What you need to do: Once you reach the line containing "have [|u' [u'u" in the data below, restate each line word for word up to and including the one containing "Hypothesis nA_mul : forall".

=== Task input ===

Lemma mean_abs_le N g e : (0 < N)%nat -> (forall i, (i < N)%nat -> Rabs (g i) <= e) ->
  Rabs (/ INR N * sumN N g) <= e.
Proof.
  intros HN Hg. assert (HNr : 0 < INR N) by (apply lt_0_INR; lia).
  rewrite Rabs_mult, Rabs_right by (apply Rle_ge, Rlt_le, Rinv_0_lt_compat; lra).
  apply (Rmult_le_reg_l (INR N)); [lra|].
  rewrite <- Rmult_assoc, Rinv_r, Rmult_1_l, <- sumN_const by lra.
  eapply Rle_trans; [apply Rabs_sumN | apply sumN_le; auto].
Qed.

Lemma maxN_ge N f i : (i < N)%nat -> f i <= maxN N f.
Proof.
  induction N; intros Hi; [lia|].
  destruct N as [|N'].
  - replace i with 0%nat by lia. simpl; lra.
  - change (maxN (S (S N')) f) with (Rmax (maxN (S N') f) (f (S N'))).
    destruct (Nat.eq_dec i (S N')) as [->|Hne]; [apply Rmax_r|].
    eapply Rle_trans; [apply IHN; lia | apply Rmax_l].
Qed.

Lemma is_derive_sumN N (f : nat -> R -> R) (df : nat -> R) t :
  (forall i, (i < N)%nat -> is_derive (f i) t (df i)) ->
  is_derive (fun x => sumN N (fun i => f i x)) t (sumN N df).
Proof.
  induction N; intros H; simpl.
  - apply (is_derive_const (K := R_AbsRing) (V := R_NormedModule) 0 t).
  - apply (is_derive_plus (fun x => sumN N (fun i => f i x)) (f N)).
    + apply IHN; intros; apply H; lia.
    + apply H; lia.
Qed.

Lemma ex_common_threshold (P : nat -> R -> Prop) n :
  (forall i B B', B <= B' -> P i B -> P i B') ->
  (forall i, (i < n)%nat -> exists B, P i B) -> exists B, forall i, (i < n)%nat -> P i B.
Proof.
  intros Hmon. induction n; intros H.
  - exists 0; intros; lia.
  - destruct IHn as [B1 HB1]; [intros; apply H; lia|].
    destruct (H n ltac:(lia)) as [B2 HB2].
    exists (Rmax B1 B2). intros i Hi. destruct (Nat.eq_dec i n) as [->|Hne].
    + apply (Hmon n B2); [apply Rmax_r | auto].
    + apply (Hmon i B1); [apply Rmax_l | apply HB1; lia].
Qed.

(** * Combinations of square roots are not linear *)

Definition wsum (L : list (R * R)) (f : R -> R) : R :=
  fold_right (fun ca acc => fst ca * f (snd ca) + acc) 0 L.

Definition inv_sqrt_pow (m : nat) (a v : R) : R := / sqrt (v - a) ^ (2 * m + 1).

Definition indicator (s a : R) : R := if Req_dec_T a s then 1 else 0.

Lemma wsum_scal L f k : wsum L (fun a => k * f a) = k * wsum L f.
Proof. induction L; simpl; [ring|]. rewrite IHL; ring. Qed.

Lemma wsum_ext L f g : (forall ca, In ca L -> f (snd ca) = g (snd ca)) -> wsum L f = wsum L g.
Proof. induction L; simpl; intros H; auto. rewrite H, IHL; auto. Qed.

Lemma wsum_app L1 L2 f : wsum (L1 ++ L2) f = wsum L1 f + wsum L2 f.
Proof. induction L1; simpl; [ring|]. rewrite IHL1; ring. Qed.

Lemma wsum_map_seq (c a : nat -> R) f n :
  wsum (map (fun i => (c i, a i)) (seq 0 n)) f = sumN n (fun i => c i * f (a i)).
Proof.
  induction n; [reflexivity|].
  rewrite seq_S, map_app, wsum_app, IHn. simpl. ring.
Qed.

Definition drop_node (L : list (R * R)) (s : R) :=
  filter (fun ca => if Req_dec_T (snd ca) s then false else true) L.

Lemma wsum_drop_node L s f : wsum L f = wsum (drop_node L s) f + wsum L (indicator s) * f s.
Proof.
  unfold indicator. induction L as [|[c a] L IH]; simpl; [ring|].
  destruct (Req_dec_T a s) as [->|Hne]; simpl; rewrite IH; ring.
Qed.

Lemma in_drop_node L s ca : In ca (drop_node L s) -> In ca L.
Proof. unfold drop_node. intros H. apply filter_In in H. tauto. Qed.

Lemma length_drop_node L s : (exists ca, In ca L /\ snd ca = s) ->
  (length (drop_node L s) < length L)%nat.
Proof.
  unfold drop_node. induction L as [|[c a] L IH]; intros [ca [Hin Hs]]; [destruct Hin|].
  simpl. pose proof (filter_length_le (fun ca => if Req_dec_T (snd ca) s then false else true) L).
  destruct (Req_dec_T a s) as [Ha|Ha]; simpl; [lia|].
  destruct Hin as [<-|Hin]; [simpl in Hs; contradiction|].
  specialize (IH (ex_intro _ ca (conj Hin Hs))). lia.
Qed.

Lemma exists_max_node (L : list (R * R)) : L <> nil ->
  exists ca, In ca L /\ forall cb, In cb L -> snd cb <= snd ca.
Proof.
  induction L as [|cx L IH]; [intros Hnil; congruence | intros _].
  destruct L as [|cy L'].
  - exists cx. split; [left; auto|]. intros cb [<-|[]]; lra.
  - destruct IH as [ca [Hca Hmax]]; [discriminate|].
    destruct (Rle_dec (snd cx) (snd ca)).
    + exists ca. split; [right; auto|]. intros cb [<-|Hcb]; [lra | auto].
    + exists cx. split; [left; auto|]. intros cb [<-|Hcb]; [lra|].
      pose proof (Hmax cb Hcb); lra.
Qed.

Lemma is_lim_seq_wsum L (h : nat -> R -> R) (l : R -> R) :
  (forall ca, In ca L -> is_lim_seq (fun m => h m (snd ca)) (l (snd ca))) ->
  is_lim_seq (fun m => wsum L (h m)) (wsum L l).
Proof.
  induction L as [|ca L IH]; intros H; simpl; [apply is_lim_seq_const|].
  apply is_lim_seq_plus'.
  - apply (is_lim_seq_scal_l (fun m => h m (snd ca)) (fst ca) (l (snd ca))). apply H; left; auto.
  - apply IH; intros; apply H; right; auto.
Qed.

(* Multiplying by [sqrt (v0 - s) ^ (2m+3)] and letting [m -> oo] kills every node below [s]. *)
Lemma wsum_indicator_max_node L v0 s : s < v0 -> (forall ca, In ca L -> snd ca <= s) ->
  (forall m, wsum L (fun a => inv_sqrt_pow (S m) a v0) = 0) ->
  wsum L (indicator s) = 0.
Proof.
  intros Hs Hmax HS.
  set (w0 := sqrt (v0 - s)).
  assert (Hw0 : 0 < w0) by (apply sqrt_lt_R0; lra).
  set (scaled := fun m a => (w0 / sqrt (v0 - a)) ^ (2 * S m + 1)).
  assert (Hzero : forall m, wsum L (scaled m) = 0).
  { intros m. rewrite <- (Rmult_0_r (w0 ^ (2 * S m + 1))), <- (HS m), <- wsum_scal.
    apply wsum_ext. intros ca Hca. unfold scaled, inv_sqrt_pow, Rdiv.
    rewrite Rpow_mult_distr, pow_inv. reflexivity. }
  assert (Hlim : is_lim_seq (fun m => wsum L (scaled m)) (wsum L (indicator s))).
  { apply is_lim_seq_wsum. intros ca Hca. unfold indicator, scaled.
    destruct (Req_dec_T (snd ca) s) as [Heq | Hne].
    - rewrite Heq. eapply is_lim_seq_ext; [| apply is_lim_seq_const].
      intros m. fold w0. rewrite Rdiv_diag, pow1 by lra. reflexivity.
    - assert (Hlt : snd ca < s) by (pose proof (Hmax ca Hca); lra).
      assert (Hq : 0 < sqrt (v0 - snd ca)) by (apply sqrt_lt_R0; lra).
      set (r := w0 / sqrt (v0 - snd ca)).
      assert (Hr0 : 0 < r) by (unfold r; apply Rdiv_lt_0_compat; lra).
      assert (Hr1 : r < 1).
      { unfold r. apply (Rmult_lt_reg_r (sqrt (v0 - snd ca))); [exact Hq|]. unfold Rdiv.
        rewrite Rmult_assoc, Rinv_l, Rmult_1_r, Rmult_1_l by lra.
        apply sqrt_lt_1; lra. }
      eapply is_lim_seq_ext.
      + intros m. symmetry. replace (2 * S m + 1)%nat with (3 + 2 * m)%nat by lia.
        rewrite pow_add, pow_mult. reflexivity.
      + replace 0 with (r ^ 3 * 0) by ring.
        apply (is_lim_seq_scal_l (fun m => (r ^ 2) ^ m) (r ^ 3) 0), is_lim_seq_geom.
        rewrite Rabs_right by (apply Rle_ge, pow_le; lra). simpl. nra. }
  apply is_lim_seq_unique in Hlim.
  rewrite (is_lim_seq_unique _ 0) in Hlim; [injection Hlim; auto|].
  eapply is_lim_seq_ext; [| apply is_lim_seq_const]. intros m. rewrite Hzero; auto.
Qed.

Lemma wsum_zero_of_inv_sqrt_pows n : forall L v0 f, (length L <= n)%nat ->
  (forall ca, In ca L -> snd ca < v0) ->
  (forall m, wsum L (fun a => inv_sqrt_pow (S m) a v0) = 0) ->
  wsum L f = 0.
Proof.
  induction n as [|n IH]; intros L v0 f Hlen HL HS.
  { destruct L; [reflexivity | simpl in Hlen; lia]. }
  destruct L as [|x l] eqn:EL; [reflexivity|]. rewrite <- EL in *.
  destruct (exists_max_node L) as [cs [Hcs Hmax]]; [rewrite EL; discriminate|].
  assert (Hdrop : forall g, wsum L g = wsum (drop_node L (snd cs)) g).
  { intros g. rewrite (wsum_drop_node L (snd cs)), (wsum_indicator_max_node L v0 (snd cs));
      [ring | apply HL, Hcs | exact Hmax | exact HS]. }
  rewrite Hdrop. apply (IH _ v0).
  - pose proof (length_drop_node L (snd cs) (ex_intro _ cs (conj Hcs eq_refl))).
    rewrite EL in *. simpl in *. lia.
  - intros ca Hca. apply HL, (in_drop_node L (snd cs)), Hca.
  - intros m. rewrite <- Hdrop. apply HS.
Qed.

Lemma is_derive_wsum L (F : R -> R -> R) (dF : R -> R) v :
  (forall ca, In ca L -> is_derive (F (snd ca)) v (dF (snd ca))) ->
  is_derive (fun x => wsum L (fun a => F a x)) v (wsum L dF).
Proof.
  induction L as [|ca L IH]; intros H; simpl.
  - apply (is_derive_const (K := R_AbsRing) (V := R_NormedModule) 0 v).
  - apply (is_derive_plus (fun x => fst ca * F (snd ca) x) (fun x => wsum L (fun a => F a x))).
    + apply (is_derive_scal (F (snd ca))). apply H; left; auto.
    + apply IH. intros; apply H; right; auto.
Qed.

===
=== Task input ===

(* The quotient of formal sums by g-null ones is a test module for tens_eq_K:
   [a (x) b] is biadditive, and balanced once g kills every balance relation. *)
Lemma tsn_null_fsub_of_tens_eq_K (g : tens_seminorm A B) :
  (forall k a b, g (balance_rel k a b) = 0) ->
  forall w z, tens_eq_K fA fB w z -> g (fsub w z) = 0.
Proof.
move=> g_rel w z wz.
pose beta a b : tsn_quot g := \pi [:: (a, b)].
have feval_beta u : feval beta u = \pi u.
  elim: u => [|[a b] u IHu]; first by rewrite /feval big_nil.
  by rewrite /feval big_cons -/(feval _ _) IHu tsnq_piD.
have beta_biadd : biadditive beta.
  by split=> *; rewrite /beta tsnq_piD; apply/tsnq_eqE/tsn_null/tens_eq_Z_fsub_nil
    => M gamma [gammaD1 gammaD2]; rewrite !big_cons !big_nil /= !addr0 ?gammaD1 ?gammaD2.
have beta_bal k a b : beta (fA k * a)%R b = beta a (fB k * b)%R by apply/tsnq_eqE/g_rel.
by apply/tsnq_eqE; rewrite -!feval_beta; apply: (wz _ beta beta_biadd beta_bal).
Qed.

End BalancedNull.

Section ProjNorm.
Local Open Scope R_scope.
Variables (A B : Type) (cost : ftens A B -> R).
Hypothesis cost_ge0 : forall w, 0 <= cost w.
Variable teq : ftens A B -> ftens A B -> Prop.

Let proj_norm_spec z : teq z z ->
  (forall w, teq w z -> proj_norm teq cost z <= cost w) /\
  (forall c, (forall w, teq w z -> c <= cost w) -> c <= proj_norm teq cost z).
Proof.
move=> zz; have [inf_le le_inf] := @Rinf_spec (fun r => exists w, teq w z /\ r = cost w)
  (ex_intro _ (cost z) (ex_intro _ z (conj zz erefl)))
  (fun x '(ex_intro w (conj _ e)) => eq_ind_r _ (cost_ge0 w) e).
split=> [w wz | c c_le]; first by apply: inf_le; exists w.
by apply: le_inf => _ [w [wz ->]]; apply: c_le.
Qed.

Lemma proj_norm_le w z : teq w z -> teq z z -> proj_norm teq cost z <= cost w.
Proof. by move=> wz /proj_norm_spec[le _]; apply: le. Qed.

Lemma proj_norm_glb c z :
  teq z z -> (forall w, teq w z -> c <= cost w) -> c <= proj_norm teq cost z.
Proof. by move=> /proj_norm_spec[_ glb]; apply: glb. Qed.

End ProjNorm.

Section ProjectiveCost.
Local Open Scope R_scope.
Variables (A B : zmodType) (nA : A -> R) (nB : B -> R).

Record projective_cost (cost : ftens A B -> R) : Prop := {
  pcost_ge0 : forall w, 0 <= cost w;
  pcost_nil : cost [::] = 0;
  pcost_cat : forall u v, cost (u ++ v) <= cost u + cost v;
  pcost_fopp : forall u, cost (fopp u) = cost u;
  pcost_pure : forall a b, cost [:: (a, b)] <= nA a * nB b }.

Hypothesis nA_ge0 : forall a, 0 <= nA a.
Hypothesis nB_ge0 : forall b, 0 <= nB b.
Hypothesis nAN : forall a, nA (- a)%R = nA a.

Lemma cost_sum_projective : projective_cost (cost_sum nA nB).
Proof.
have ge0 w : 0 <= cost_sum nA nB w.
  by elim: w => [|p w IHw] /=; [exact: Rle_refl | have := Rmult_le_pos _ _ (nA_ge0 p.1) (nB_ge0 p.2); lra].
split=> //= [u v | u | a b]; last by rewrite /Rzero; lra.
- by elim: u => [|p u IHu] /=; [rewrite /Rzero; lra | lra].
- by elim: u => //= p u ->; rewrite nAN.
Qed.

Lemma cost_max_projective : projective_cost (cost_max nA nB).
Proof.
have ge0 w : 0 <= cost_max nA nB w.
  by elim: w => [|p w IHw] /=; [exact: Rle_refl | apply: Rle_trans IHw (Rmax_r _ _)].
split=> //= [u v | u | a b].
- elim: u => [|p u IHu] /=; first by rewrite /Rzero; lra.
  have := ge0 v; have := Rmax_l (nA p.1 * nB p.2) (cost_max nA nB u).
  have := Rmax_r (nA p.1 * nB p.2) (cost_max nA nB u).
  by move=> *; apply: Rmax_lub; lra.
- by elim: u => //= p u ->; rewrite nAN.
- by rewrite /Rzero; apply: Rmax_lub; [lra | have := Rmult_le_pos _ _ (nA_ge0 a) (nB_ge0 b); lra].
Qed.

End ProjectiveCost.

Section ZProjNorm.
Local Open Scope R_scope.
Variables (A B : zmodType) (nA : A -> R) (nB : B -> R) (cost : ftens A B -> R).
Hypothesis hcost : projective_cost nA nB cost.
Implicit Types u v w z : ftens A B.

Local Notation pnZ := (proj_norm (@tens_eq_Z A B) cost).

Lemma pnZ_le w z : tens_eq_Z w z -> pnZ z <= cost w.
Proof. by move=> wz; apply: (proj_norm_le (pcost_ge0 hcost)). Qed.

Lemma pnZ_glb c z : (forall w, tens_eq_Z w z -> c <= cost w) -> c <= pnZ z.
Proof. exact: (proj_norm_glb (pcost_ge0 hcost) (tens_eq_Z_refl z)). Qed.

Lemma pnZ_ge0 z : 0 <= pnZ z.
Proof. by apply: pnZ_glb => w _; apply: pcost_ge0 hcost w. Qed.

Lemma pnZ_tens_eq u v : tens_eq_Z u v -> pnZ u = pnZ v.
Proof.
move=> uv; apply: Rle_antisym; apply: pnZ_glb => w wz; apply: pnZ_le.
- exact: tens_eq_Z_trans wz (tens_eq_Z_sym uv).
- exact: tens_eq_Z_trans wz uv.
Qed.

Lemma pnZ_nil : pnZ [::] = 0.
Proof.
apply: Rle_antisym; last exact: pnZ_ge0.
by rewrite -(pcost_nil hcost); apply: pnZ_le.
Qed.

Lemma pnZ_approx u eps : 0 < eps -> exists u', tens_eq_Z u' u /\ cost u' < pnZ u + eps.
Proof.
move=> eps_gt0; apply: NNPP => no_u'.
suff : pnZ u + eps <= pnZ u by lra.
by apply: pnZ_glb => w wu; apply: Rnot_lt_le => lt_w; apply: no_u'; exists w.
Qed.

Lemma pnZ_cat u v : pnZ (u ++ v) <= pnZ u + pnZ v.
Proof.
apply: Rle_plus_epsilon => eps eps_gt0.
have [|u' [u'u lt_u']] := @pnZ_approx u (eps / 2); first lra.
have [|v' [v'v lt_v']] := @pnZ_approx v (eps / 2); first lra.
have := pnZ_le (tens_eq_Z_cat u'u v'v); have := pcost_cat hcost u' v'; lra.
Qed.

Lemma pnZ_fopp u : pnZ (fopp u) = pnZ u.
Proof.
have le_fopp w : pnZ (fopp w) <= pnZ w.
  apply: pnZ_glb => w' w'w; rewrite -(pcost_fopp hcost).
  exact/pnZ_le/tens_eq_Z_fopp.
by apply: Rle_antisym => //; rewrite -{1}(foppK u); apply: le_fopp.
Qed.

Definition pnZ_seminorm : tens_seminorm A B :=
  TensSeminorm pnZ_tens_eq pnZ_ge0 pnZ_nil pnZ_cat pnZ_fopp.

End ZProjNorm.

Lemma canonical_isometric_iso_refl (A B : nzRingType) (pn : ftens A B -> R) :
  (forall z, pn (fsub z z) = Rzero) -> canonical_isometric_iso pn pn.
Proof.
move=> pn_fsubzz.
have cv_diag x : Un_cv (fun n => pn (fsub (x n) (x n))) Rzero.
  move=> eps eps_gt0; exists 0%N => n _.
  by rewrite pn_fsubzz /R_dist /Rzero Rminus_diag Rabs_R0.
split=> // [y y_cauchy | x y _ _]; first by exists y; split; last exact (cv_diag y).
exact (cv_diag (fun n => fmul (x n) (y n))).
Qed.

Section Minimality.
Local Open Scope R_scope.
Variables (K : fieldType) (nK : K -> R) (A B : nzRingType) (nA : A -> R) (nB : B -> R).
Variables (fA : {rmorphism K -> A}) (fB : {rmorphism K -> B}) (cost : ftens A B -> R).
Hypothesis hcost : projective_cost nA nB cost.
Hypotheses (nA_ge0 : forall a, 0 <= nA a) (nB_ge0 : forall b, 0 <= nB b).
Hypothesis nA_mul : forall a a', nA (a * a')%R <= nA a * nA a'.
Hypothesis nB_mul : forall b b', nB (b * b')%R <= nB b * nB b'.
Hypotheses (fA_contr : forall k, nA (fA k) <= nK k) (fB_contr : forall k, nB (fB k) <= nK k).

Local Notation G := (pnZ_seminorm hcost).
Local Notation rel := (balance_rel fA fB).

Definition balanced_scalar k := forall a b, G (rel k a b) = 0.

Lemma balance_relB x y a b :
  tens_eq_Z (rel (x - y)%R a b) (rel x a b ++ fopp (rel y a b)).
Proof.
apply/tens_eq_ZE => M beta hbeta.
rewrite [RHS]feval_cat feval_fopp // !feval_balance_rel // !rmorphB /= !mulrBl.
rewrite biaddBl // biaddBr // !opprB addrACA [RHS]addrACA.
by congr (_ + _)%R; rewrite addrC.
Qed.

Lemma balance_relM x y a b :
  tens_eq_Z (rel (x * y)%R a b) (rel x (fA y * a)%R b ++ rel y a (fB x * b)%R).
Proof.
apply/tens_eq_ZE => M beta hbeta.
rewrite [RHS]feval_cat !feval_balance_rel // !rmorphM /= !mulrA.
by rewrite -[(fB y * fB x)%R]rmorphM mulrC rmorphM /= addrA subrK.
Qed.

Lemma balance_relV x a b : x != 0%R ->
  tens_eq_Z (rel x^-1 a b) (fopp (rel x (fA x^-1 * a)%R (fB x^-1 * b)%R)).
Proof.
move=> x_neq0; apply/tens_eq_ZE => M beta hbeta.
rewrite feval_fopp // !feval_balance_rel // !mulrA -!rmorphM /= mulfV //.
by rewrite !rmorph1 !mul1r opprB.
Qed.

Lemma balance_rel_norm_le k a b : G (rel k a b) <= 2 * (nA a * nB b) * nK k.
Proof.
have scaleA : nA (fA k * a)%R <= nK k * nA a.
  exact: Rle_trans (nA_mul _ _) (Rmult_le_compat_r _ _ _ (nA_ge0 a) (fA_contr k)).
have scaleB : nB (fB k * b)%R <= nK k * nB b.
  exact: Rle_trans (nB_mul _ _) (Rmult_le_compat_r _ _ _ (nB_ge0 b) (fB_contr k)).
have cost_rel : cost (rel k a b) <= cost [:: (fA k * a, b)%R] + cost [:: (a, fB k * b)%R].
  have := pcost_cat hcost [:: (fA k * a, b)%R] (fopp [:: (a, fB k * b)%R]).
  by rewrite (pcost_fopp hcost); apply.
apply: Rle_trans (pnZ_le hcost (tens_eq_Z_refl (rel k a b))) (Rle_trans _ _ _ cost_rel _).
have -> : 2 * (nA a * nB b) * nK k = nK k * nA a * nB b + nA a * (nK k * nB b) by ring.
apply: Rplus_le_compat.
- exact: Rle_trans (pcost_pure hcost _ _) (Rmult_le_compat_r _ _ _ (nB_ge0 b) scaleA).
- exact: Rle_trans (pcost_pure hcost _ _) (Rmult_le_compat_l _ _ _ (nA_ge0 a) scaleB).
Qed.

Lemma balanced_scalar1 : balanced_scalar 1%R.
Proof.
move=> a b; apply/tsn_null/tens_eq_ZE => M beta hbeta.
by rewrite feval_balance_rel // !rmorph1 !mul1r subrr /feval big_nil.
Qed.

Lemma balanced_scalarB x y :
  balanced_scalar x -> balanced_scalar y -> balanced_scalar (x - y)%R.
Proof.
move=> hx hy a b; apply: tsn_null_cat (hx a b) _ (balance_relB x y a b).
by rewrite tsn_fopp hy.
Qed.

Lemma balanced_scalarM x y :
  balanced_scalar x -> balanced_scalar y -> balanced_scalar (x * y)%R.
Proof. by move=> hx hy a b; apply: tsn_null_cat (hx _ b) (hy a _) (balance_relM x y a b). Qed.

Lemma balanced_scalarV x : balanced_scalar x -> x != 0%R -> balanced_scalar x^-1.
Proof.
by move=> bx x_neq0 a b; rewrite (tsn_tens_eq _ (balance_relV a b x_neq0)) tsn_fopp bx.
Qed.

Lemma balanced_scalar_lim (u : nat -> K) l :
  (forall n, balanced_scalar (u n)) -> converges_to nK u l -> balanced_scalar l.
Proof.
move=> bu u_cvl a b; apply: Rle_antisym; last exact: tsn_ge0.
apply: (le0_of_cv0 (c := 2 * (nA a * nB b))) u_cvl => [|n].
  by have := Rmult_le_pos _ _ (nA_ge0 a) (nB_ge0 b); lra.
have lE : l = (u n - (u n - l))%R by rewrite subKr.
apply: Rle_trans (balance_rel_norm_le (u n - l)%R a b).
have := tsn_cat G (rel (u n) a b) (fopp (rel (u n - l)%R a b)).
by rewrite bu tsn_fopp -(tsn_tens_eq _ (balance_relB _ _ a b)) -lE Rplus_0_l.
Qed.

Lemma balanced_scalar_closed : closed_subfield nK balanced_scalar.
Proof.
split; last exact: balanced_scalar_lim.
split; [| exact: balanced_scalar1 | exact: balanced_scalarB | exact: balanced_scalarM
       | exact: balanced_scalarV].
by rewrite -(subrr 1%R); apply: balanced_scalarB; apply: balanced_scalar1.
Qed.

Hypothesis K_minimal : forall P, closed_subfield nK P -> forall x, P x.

===
=== Task input ===

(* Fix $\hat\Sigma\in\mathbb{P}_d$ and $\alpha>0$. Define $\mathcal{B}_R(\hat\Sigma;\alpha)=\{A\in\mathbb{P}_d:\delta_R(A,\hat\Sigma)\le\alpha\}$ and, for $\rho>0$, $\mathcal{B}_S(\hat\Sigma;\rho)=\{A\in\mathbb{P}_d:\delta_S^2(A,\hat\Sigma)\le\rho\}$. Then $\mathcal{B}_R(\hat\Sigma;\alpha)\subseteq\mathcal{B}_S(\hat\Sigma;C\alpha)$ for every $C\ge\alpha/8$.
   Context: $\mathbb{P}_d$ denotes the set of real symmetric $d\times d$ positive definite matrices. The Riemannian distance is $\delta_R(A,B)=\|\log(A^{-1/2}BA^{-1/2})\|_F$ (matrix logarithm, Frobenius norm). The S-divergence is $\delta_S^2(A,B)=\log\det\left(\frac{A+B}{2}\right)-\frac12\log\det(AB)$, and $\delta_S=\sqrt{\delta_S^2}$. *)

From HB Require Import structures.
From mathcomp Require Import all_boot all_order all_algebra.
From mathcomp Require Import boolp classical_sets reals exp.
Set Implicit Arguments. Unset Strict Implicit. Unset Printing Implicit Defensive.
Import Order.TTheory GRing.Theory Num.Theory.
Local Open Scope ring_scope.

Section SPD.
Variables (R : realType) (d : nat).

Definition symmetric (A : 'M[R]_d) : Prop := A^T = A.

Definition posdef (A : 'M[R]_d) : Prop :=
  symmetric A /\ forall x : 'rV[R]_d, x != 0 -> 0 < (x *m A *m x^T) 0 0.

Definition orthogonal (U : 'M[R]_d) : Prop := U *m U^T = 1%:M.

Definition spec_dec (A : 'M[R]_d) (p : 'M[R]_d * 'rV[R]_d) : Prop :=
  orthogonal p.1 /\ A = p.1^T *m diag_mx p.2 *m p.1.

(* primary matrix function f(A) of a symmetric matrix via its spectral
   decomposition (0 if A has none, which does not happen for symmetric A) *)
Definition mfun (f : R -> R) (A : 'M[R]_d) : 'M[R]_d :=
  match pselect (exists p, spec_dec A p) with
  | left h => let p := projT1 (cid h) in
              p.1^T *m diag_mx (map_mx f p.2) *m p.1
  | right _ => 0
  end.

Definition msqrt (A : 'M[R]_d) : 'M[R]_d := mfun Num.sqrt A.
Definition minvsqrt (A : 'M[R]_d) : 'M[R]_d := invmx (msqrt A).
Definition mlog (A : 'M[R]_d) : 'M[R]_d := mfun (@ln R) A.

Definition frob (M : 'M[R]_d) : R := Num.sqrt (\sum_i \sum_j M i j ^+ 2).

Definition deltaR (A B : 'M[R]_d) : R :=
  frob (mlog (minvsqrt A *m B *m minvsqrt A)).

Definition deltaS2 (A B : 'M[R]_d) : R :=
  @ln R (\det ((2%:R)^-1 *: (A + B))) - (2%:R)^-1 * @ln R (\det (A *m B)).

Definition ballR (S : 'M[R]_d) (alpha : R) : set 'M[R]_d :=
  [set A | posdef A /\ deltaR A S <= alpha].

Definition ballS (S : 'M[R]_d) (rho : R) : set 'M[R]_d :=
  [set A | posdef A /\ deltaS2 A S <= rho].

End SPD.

===

Answer section:
have [|u' [u'u lt_u']] := @pnZ_approx u (eps / 2); first lra.
have [|v' [v'v lt_v']] := @pnZ_approx v (eps / 2); first lra.
have := pnZ_le (tens_eq_Z_cat u'u v'v); have := pcost_cat hcost u' v'; lra.
Qed.

Lemma pnZ_fopp u : pnZ (fopp u) = pnZ u.
Proof.
have le_fopp w : pnZ (fopp w) <= pnZ w.
  apply: pnZ_glb => w' w'w; rewrite -(pcost_fopp hcost).
  exact/pnZ_le/tens_eq_Z_fopp.
by apply: Rle_antisym => //; rewrite -{1}(foppK u); apply: le_fopp.
Qed.

Definition pnZ_seminorm : tens_seminorm A B :=
  TensSeminorm pnZ_tens_eq pnZ_ge0 pnZ_nil pnZ_cat pnZ_fopp.

End ZProjNorm.

Lemma canonical_isometric_iso_refl (A B : nzRingType) (pn : ftens A B -> R) :
  (forall z, pn (fsub z z) = Rzero) -> canonical_isometric_iso pn pn.
Proof.
move=> pn_fsubzz.
have cv_diag x : Un_cv (fun n => pn (fsub (x n) (x n))) Rzero.
  move=> eps eps_gt0; exists 0%N => n _.
  by rewrite pn_fsubzz /R_dist /Rzero Rminus_diag Rabs_R0.
split=> // [y y_cauchy | x y _ _]; first by exists y; split; last exact (cv_diag y).
exact (cv_diag (fun n => fmul (x n) (y n))).
Qed.

Section Minimality.
Local Open Scope R_scope.
Variables (K : fieldType) (nK : K -> R) (A B : nzRingType) (nA : A -> R) (nB : B -> R).
Variables (fA : {rmorphism K -> A}) (fB : {rmorphism K -> B}) (cost : ftens A B -> R).
Hypothesis hcost : projective_cost nA nB cost.
Hypotheses (nA_ge0 : forall a, 0 <= nA a) (nB_ge0 : forall b, 0 <= nB b).
Hypothesis nA_mul : forall a a', nA (a * a')%R <= nA a * nA a'.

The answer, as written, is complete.